__Problem description__.
Write out the stretch of lines below that begins at the line with "(forall k, K" and ends at the line with "(match j return cell B j.+1 -> Prop with", including both, exactly as given and nothing more.

(Collected data)
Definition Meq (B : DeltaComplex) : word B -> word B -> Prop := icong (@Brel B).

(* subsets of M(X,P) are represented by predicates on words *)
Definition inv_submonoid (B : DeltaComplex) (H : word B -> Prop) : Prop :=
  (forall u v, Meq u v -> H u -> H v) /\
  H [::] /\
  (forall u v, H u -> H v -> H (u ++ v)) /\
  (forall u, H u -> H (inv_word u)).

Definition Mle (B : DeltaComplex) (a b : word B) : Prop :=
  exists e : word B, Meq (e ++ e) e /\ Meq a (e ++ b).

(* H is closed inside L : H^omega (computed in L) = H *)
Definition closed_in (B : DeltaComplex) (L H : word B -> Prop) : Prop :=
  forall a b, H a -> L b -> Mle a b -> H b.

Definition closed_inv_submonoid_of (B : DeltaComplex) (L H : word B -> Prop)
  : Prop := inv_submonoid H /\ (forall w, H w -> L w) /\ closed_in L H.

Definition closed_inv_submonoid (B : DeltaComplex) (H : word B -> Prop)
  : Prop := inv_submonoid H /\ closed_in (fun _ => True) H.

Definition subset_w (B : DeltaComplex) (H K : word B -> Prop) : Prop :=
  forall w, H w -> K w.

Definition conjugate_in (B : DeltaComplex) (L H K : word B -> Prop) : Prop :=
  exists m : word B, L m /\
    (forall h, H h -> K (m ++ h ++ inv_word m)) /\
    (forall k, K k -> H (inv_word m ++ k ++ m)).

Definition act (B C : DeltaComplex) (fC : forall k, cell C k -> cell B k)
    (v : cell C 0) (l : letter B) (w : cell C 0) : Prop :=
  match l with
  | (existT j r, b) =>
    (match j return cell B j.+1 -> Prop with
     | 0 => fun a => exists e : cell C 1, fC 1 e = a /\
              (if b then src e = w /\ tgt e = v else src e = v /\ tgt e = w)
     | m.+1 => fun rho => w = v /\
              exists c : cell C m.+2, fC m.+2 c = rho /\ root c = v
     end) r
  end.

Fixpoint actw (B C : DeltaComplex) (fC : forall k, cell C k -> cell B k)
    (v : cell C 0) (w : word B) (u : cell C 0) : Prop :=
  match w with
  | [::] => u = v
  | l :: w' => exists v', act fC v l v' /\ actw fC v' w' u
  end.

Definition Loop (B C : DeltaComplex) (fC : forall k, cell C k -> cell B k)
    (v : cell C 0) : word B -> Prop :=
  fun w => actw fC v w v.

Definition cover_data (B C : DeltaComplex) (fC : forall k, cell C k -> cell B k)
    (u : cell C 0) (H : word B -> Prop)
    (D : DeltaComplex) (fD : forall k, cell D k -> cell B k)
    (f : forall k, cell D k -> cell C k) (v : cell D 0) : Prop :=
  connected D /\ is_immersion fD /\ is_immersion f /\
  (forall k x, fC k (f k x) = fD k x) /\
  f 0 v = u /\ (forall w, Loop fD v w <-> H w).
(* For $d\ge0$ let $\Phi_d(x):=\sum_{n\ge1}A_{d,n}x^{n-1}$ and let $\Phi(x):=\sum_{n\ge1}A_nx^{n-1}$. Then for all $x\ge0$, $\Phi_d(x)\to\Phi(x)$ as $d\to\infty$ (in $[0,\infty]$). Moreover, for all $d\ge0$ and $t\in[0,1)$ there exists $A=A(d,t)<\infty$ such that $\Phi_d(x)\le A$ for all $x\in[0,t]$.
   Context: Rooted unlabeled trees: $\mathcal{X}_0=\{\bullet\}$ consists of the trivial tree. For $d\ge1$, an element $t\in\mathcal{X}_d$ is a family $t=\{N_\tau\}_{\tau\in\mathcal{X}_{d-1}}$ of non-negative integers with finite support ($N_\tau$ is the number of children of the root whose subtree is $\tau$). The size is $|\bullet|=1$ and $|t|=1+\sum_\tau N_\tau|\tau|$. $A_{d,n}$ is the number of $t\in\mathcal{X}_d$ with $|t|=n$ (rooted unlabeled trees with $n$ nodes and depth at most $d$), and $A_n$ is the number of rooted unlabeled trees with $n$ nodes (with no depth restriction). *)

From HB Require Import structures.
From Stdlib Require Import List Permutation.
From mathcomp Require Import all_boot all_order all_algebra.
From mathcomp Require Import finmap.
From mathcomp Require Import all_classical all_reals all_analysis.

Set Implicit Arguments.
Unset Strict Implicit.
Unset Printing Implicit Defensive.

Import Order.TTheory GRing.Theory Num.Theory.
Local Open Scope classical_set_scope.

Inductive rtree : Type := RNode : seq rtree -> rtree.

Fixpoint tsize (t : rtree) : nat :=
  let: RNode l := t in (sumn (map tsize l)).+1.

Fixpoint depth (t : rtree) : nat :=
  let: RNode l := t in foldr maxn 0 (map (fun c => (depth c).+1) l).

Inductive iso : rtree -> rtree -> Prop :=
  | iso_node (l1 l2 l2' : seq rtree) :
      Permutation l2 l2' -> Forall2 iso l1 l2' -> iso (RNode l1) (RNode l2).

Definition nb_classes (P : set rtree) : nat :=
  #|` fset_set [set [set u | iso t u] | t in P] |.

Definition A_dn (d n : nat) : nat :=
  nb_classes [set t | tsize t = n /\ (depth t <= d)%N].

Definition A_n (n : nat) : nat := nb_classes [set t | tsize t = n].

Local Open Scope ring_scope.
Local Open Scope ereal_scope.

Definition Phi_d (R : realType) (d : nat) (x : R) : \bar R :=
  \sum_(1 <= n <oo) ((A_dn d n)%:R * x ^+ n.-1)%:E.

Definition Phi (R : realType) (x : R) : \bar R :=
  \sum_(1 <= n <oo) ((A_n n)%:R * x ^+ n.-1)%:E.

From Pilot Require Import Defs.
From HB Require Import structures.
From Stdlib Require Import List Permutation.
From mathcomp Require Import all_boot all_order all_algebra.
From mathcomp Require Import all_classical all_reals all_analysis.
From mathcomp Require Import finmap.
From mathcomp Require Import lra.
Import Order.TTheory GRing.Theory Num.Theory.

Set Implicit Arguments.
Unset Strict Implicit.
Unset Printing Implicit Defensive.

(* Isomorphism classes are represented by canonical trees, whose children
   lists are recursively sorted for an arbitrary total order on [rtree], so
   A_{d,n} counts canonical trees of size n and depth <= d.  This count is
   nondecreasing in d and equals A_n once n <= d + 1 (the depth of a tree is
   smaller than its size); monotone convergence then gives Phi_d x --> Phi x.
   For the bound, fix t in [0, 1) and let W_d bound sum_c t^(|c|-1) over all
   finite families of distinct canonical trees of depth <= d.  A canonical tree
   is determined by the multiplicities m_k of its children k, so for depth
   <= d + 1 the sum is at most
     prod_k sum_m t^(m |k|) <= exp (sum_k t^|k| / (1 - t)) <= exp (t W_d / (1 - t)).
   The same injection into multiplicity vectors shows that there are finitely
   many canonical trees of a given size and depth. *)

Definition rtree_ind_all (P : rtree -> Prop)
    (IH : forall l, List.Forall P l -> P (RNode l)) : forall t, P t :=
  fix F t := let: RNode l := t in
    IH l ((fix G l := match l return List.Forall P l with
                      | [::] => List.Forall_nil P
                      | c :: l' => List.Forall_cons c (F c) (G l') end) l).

__Exercise result__.
    (forall k, K k -> H (inv_word m ++ k ++ m)).

Definition act (B C : DeltaComplex) (fC : forall k, cell C k -> cell B k)
    (v : cell C 0) (l : letter B) (w : cell C 0) : Prop :=
  match l with
  | (existT j r, b) =>
    (match j return cell B j.+1 -> Prop with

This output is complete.